• Problem description
Go through the entries, filter for the word "braketDl", and copy every line that has it.

• Stored data
Section FirstOrderPerturbation.
Variables (R : rcfType) (m : nat) (H Vp : 'M[R[i]]_m) (psi : 'cV[R[i]]_m).
Hypothesis H_herm : Defs.hermitian H.
Hypotheses (psi_unit : braket psi psi = 1) (psi_Vp : braket psi (Vp *m psi) = 0).
Hypothesis psi_H_Vp : braket psi (H *m (Vp *m psi)) = braket (Vp *m psi) (Vp *m psi).
Let u := Vp *m psi.

Lemma DeltaE_ratio (E B G : R) :
  braket psi (H *m psi) = E%:C -> braket u u = B%:C -> braket u (H *m u) = G%:C ->
  forall l,
  DeltaE H Vp psi l = ((2 * B * l + (E * B - G) * l ^+ 2) / (1 + B * l ^+ 2))%:C.
Proof.
move=> E_def B_def G_def l.
have B_ge0 : 0 <= B by rewrite -lecR -B_def braket_ge0.
set lc := l%:C; set phi := psi - lc *: u.
have lc_real : lc^* = lc by exact: conj_real_complex.
have u_psi : braket u psi = 0 by rewrite -conj_braket psi_Vp conjC0.
have u_H_psi : braket u (H *m psi) = B%:C.
  by rewrite braket_hermitian // -conj_braket psi_H_Vp B_def conj_real_complex.
have phi_phi : braket phi phi = (1 + B * l ^+ 2)%:C.
  rewrite /phi braketDl braketNl braketZl !braketDr !braketNr !braketZr.
  rewrite psi_unit psi_Vp u_psi B_def lc_real.
  by rewrite !(rmorphD, rmorph1, rmorphM, rmorphXn) -/lc; ring.
have phi_H_phi : braket phi (H *m phi) = (E - 2 * l * B + l ^+ 2 * G)%:C.
  rewrite /phi mulmxDr mulmxN -scalemxAr braketDl braketNl braketZl.
  rewrite !braketDr !braketNr !braketZr E_def psi_H_Vp B_def u_H_psi G_def lc_real.
  by rewrite !(rmorphD, rmorphB, rmorphM, rmorphXn, rmorph_nat) -/lc; ring.
have N_gt0 : 0 < 1 + B * l ^+ 2 by have := sqr_ge0 l; nra.
set c := (sqrtC (1 + B * l ^+ 2)%:C)^-1.
have c_real : c^* = c.
  by apply: geC0_conj; rewrite invr_ge0 sqrtC_ge0 lecR ltW.
have cc : c * c = ((1 + B * l ^+ 2)^-1)%:C.
  by rewrite -expr2 exprVn sqrtCK fmorphV.
rewrite /DeltaE /psi_lambda /vnorm /= !expectE -/u -/lc -/phi -/(braket phi phi).
rewrite phi_phi -/c -scalemxAr braketZr braketZl c_real mulrA cc phi_H_phi E_def.
rewrite -!rmorphM -rmorphB; congr (_%:C); field.
by rewrite gt_eqF.
Qed.

Lemma DeltaE_pos_nondecreasing_near0 : braket u u != 0 ->
  exists2 lmax : R, 0 < lmax & forall l1 l2, 0 < l1 -> l1 <= l2 -> l2 < lmax ->
    0 < DeltaE H Vp psi l1 <= DeltaE H Vp psi l2.
Proof.
move=> u_neq0.
have [E E_def] : exists E, braket psi (H *m psi) = E%:C.
  by apply: real_complex_of_conj; rewrite conj_braket -braket_hermitian.
have [B B_def] : exists B, braket u u = B%:C.
  by apply: real_complex_of_conj; rewrite conj_braket.
have [G G_def] : exists G, braket u (H *m u) = G%:C.
  by apply: real_complex_of_conj; rewrite conj_braket -braket_hermitian.
have B_gt0 : 0 < B by rewrite -ltcR -B_def lt0r u_neq0 braket_ge0.
have two_B_gt0 : 0 < 2 * B by rewrite mulr_gt0.
have [t t_gt0 incr] := ratio_pos_nondecreasing_near0 (E * B - G) two_B_gt0 (ltW B_gt0).
exists t => // l1 l2 l1_gt0 l12 l2_lt.
rewrite !(DeltaE_ratio E_def B_def G_def) ltcR lecR.
exact: incr.
Qed.

End FirstOrderPerturbation.

Lemma comm_mx_invmx (F : comUnitRingType) (m : nat) (A B : 'M[F]_m) :
  comm_mx A B -> comm_mx A (invmx B).
Proof.
rewrite /comm_mx; have [B_unit AB | /invmx_out -> //] := boolP (B \in unitmx).
rewrite -[LHS](mulKmx B_unit) -[RHS](mulKmx B_unit); congr (_ *m _).
by rewrite mulmxA -AB -mulmxA mulmxV // mulmx1 mulKVmx.
Qed.

Lemma code_space_mulmx (R : rcfType) (n : nat) (Q : 'M[R[i]]_(2 ^ n) -> Prop) A psi :
  (forall q, Q q -> comm_mx q A) -> in_code_space Q psi ->
  in_code_space Q (A *m psi).
Proof. by move=> commA code_psi q Qq; rewrite mulmxA commA // -mulmxA code_psi. Qed.

Definition Vcent (R : rcfType) (n : nat) (Q : 'M[R[i]]_(2 ^ n) -> Prop)
    (PV : seq 'M[R[i]]_(2 ^ n)) (w : 'M[R[i]]_(2 ^ n) -> R) : 'M[R[i]]_(2 ^ n) :=
  - \sum_(P <- PV | `[< in_centralizer Q P >]) (w P)%:C *: P.

Lemma Vop_split (R : rcfType) (n : nat) (Q : 'M[R[i]]_(2 ^ n) -> Prop) PV w :
  Vop PV w = Vcent Q PV w + Vperp Q PV w.
Proof.
rewrite /Vop /Vcent /Vperp (bigID (fun P => `[< in_centralizer Q P >])) /= opprD.
by congr (_ + - _); apply: eq_bigl => P; rewrite asbool_neg.
Qed.

Section StabilizerCode.
Variables (R : rcfType) (n : nat) (gen : seq 'M[R[i]]_(2 ^ n)).
Variables (PV : seq 'M[R[i]]_(2 ^ n)) (w : 'M[R[i]]_(2 ^ n) -> R).
Hypothesis gen_herm : forall g, g \in gen -> is_herm_pauli g.
Hypothesis PV_herm : forall P, P \in PV -> is_herm_pauli P.
Hypothesis Q_abelian :
  forall q1 q2, gen_group gen q1 -> gen_group gen q2 -> comm_mx q1 q2.

Lemma gen_group_mem g : g \in gen -> gen_group gen g.
Proof.
move=> gen_g; exists [:: g]; split; last by rewrite /= mulmx1.
by move=> x; rewrite inE => /eqP ->; exists g => //; left.
Qed.

Lemma comm_mx_gen_group A :
  (forall g, g \in gen -> comm_mx A g) -> forall q, gen_group gen q -> comm_mx A q.
Proof.
move=> commA q [s [s_gen ->]]; elim: s s_gen => [|x s IHs] s_gen /=.
  exact: comm_mx1.
apply: comm_mxM; last by apply: IHs => y s_y; apply: s_gen; rewrite inE s_y orbT.
have [g gen_g [->|->]] := s_gen x (mem_head x s); first exact: commA.
exact/comm_mx_invmx/commA.
Qed.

• Result of this exercise
  rewrite /phi braketDl braketNl braketZl !braketDr !braketNr !braketZr.
  rewrite /phi mulmxDr mulmxN -scalemxAr braketDl braketNl braketZl.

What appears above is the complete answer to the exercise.